**WORK TASK**
When checking the entries below, count every line with the word "replace", then give only that number.
━━ RECORDS
Lemma dinf_zero_orbit n (nrm : Vec n -> R) H L d dinf : is_norm nrm ->
  (forall i, holonomic nrm (H i) (L i)) ->
  (forall i, is_holonomic_metric nrm (H i) (L i) (d i)) ->
  (forall u v, Un_cv (fun i => d i u v) (dinf u v)) ->
  (forall u v, 0 <= dinf u v) ->
  forall u v, dinf u v = 0 -> exists g, null_displacement_group nrm dinf g /\ v = g u.
Proof.
  intros Hn Hhol Hmet Hpw Hd0 u v Huv.
  pose (t := fun i => d i u v + / (INR i + 1)).
  assert (Ht : Un_cv t 0).
  { replace 0 with (dinf u v + 0) by lra. apply CV_plus; [apply Hpw| apply Un_cv_inv_succ]. }
  destruct (choice _ (fun i => holonomic_metric_approx n nrm (H i) (L i) (d i) (Hmet i)
                                 u v _ (RinvN_pos i))) as [a Ha].
  assert (HaO : forall i, in_O nrm (a i)) by (intros i; apply (Hhol i), Ha).
  assert (HLa : forall i, 0 <= L i (a i) <= t i).
  { intros i. destruct (Ha i) as [Hai Hlt].
    pose proof (proj1 (proj1 (proj2 (Hhol i))) _ Hai) as HL0.
    pose proof (sqrt_sum_sq_ge _ (nrm (vsub (a i u) v)) HL0). unfold t. lra. }
  assert (Hau : forall i, 0 <= nrm (vsub (a i u) v) <= t i).
  { intros i. destruct (Ha i) as [_ Hlt].
    pose proof (norm_nonneg n nrm Hn (vsub (a i u) v)) as Hnn.
    pose proof (sqrt_sum_sq_ge _ (L i (a i)) Hnn) as Hge. rewrite Rplus_comm in Hge.
    unfold t. lra. }
  destruct (in_O_cv_subseq n nrm Hn a HaO) as [s [g [Hs [Hg Hcv]]]].
  exists g. split; [split; [exact Hg|]|].
  - intros x. apply Rle_antisym; [|apply Hd0].
    apply (@Rle_cv_lim (fun k => d (s k) x (g x))
             (fun k => L (s k) (a (s k)) + nrm (vsub (a (s k) x) (g x)))).
    + intros k. eapply Rle_trans; [apply (holonomic_metric_le n nrm _ _ _ (Hmet (s k))), Ha|].
      apply sqrt_sum_sq_le; [apply HLa| apply (norm_nonneg n nrm Hn)].
    + apply (Un_cv_subseq (fun i => d i x (g x))); auto.
    + replace 0 with (0 + 0) by lra. apply CV_plus.
      * apply Un_cv_squeeze0 with (fun k => t (s k)); [intros k; apply HLa| apply Un_cv_subseq; auto].
      * apply (norm_cv_of_vec_cv n nrm Hn), (Hcv x).
  - apply (vec_cv_unique (fun k => a (s k) u)); [|apply Hcv].
    apply (vec_cv_of_norm_cv n nrm Hn).
    apply Un_cv_squeeze0 with (fun k => t (s k)); [intros k; apply Hau| apply Un_cv_subseq; auto].
Qed.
━━━━
**SOLUTION TO THE PROBLEM**
2